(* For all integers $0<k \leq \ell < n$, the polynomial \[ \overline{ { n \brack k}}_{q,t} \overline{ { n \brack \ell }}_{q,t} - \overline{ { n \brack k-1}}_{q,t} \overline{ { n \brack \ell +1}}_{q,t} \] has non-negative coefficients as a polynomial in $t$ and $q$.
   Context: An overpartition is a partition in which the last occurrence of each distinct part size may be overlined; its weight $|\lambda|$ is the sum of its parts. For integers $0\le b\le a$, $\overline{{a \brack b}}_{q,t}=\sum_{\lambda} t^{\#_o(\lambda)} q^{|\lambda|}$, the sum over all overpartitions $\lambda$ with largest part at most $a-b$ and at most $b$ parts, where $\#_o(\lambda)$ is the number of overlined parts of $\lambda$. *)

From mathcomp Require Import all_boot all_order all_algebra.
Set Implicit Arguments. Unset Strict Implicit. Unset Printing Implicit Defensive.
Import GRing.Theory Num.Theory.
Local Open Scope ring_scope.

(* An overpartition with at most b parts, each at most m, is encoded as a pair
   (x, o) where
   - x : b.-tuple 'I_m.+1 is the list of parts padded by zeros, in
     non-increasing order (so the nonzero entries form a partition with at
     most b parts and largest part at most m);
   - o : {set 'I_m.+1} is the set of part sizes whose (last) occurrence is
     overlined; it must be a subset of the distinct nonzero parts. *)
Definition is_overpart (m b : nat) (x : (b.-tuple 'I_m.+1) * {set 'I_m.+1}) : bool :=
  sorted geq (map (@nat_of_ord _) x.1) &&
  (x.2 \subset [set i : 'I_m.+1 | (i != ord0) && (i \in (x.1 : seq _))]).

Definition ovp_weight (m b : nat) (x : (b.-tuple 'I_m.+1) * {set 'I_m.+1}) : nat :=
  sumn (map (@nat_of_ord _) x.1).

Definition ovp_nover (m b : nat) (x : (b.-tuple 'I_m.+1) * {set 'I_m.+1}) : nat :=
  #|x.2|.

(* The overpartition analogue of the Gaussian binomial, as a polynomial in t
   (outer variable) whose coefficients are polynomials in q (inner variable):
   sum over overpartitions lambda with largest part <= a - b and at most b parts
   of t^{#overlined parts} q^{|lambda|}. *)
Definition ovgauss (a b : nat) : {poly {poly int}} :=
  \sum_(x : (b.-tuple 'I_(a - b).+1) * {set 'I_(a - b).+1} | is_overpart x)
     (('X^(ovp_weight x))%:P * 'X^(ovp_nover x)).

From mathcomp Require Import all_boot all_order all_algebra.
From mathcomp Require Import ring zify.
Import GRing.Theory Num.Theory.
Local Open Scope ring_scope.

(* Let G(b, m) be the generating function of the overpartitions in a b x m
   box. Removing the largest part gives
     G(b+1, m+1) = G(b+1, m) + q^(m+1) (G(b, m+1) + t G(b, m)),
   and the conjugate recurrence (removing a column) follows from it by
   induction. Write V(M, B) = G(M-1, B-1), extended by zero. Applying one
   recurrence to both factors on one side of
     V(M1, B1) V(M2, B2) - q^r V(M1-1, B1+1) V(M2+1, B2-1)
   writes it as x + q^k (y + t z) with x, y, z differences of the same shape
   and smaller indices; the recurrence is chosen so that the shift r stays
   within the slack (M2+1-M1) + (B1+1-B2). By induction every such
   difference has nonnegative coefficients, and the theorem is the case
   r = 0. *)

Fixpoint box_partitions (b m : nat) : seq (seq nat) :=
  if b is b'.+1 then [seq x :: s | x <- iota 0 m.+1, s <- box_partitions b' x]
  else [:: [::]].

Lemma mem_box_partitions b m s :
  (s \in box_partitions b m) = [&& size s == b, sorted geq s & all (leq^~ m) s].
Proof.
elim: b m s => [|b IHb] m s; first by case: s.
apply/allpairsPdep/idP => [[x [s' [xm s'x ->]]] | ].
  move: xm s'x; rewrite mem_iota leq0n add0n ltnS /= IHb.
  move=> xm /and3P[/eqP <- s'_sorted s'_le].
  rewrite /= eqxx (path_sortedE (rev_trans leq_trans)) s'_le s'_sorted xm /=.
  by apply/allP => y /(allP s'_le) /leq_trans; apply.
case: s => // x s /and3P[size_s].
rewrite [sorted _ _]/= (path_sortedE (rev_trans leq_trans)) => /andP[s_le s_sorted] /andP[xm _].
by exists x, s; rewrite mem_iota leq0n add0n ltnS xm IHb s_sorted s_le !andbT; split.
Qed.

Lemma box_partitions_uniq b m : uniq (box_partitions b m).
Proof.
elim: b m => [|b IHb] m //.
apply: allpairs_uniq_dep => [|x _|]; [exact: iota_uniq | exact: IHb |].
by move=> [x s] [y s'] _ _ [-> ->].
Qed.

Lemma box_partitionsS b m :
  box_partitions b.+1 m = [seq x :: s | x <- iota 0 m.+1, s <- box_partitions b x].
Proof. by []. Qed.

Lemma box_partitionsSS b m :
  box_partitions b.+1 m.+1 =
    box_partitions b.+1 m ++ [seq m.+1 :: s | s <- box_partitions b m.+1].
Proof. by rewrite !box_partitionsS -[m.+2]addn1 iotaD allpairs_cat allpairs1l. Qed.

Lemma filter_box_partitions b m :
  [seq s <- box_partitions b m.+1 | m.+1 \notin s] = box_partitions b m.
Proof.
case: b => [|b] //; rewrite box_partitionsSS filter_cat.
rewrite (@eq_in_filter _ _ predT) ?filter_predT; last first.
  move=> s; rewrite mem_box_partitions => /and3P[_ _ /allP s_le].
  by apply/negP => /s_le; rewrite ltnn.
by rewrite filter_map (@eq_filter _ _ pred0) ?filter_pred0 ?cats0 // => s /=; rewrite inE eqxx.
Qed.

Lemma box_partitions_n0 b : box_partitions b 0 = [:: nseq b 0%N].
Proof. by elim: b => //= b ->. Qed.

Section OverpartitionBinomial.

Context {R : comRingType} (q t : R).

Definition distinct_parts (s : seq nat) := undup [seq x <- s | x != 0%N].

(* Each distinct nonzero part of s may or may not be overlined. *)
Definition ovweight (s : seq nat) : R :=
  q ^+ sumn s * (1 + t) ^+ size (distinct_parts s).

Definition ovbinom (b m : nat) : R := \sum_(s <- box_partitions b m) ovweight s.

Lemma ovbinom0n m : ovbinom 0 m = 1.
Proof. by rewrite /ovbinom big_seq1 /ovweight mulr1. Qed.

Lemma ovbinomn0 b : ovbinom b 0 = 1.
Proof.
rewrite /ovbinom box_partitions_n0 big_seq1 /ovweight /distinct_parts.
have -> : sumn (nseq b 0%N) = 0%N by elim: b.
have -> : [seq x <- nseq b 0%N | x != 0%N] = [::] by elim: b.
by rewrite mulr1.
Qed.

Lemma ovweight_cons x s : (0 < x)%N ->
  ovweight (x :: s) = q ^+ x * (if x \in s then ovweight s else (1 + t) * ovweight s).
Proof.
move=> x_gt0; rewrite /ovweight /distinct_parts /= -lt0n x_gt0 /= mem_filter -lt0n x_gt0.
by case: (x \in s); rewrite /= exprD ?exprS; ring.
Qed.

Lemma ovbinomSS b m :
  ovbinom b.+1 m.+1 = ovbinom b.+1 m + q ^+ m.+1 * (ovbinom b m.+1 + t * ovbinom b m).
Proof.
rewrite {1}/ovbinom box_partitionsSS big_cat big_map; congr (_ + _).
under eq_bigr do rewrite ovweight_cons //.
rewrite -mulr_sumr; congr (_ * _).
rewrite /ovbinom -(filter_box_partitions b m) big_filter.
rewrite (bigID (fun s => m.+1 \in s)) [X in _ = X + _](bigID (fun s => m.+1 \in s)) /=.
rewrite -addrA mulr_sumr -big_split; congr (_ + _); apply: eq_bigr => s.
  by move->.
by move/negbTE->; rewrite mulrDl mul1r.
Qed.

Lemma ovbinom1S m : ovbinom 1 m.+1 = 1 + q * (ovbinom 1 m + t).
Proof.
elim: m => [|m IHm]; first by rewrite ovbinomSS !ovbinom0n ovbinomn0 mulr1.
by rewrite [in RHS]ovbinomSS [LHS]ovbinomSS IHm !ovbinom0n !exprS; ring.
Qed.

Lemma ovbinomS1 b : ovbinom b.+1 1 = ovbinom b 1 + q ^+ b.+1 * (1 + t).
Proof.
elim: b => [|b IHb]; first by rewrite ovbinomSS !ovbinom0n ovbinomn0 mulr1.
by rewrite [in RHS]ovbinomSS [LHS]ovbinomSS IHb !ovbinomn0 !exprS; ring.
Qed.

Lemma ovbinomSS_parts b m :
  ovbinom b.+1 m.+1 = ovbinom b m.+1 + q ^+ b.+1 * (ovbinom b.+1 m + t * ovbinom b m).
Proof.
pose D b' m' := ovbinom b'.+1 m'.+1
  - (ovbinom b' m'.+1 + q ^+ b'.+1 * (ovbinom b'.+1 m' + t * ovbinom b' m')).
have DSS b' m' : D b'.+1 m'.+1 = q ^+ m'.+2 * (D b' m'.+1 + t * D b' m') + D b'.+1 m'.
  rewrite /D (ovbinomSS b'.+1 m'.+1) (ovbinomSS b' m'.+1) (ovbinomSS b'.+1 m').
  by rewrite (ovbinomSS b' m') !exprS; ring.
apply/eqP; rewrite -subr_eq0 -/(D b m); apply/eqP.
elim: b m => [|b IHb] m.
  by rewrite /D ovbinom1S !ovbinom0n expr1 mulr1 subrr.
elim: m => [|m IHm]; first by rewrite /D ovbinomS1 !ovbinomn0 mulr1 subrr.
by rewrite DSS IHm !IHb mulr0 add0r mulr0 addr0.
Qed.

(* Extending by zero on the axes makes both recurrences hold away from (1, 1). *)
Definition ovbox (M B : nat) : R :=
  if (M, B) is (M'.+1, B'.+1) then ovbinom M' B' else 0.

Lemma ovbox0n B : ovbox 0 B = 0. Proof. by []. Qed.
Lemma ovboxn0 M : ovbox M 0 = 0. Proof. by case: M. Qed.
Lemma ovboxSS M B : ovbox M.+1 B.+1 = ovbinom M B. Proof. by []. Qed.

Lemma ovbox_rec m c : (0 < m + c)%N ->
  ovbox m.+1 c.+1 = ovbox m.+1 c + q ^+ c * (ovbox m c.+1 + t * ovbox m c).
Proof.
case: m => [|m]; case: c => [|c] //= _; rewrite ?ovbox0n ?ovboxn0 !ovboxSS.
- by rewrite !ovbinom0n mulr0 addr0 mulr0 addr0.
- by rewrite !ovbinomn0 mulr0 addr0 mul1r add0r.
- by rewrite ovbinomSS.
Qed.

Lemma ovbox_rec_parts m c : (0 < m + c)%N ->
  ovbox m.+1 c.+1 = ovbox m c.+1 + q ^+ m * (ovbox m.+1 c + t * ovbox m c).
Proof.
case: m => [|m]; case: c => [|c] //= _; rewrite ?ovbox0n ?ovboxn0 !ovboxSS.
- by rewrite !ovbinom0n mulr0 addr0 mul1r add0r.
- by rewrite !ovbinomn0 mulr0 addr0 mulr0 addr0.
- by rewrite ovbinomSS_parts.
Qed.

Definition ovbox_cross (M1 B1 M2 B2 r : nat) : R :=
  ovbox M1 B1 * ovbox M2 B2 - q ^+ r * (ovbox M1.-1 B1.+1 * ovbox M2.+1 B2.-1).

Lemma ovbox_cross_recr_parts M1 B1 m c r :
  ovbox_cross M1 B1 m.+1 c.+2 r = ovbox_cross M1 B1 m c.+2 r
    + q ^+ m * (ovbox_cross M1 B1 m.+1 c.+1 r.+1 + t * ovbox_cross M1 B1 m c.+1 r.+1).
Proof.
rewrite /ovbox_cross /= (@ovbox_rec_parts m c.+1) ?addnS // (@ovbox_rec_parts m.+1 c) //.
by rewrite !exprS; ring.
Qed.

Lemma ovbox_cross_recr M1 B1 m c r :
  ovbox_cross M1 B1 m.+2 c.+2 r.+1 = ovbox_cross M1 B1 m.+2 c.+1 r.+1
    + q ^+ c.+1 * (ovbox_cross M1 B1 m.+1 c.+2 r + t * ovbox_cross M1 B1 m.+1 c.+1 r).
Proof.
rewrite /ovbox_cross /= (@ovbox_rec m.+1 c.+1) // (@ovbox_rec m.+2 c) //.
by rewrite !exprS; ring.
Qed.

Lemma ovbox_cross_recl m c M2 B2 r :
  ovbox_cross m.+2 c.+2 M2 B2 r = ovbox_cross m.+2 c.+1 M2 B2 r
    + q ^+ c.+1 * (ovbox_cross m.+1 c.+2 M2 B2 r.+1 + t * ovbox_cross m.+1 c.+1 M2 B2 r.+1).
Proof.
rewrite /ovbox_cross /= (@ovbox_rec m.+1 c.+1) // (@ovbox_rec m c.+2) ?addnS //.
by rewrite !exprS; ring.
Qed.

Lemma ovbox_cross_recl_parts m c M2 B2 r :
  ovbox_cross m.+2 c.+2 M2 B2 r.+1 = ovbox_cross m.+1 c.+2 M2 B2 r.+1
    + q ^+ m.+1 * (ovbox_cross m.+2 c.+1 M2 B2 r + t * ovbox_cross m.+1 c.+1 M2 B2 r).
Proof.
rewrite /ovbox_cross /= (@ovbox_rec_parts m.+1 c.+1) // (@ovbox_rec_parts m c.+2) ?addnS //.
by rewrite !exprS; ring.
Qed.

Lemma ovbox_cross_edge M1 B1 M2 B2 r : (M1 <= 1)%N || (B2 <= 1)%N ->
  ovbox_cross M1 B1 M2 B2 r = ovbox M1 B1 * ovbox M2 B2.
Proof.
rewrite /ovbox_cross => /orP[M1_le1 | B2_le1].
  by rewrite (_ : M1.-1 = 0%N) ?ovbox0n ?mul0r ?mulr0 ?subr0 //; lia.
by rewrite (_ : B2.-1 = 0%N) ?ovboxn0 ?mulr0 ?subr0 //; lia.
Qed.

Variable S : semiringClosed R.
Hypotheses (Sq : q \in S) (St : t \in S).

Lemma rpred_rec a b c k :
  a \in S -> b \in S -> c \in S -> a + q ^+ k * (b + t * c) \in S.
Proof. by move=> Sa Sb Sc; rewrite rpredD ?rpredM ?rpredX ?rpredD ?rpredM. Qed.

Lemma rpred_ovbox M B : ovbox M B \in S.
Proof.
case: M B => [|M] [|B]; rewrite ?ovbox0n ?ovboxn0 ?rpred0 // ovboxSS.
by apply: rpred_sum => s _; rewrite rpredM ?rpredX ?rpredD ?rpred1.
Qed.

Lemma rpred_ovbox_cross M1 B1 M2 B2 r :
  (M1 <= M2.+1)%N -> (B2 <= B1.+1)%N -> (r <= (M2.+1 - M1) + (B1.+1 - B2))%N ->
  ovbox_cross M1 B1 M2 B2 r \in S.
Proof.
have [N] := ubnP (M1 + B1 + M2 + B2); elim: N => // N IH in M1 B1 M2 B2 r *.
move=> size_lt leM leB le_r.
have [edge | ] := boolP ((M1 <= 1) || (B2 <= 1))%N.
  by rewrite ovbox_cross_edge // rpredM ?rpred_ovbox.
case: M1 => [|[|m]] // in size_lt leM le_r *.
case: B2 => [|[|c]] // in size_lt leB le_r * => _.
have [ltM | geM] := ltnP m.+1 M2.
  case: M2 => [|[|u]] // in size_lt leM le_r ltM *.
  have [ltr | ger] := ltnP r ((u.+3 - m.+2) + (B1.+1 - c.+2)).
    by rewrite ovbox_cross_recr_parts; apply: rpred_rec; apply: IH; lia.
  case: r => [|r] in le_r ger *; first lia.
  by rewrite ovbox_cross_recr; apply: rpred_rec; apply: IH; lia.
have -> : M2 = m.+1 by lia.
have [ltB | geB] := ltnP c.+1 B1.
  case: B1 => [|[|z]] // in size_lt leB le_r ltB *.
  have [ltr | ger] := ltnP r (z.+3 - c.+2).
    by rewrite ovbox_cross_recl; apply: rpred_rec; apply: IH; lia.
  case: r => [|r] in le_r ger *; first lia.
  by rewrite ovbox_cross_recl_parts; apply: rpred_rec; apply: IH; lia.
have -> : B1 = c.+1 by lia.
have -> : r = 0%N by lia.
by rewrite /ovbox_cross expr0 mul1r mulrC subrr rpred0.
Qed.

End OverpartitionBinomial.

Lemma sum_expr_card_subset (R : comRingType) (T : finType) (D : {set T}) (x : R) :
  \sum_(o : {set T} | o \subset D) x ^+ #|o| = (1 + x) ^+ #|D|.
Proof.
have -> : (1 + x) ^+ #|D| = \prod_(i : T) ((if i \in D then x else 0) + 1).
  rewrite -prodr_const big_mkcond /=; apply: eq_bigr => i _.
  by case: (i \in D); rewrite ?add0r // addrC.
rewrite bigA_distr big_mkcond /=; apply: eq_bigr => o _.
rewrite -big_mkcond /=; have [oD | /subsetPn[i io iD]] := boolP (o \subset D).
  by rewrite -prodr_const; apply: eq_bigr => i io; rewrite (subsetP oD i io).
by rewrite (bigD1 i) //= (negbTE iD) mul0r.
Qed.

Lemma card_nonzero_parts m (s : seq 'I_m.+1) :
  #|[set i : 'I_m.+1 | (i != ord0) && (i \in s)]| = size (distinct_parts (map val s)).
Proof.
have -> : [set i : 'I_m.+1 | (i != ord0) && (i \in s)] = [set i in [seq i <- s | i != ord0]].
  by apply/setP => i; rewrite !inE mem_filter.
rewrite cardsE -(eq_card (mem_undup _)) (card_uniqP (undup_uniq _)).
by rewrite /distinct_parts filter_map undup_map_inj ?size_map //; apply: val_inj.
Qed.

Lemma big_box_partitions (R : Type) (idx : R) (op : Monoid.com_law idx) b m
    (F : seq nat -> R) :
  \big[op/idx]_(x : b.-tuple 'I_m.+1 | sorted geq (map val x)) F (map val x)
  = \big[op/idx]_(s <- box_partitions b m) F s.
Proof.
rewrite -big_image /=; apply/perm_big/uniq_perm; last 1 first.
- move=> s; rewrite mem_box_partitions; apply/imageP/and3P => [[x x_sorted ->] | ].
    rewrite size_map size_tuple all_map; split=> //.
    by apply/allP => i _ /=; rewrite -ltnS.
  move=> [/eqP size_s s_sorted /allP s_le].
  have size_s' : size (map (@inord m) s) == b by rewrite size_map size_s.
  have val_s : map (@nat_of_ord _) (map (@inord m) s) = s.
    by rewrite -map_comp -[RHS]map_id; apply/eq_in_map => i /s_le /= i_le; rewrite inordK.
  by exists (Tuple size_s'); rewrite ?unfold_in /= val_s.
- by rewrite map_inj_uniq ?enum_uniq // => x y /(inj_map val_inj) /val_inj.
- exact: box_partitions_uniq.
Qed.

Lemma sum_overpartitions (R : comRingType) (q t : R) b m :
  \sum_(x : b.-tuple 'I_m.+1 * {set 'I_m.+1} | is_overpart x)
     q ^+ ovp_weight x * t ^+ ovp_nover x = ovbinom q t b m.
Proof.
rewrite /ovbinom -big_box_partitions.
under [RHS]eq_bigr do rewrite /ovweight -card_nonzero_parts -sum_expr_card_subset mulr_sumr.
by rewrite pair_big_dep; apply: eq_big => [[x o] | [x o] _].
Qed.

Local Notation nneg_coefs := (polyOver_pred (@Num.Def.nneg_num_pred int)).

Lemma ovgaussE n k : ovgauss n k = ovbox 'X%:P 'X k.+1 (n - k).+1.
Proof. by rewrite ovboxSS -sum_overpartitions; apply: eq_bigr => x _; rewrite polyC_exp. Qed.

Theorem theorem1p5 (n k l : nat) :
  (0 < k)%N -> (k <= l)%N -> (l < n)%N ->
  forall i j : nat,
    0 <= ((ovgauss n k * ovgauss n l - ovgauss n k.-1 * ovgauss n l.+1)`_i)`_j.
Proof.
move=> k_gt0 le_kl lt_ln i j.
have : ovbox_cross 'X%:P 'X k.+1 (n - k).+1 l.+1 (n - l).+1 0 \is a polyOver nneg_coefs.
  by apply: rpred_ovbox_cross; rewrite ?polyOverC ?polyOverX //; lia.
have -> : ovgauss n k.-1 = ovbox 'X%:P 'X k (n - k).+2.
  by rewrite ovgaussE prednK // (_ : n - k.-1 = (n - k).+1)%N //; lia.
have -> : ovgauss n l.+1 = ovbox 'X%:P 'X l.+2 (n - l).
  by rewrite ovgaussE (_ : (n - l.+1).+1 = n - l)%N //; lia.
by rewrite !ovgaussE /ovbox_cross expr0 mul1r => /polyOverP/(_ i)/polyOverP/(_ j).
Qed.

——————

Directions for this task: For the records above, how many lines contain the word "induction"? Reply with the number only.

Solution for this exercise: 2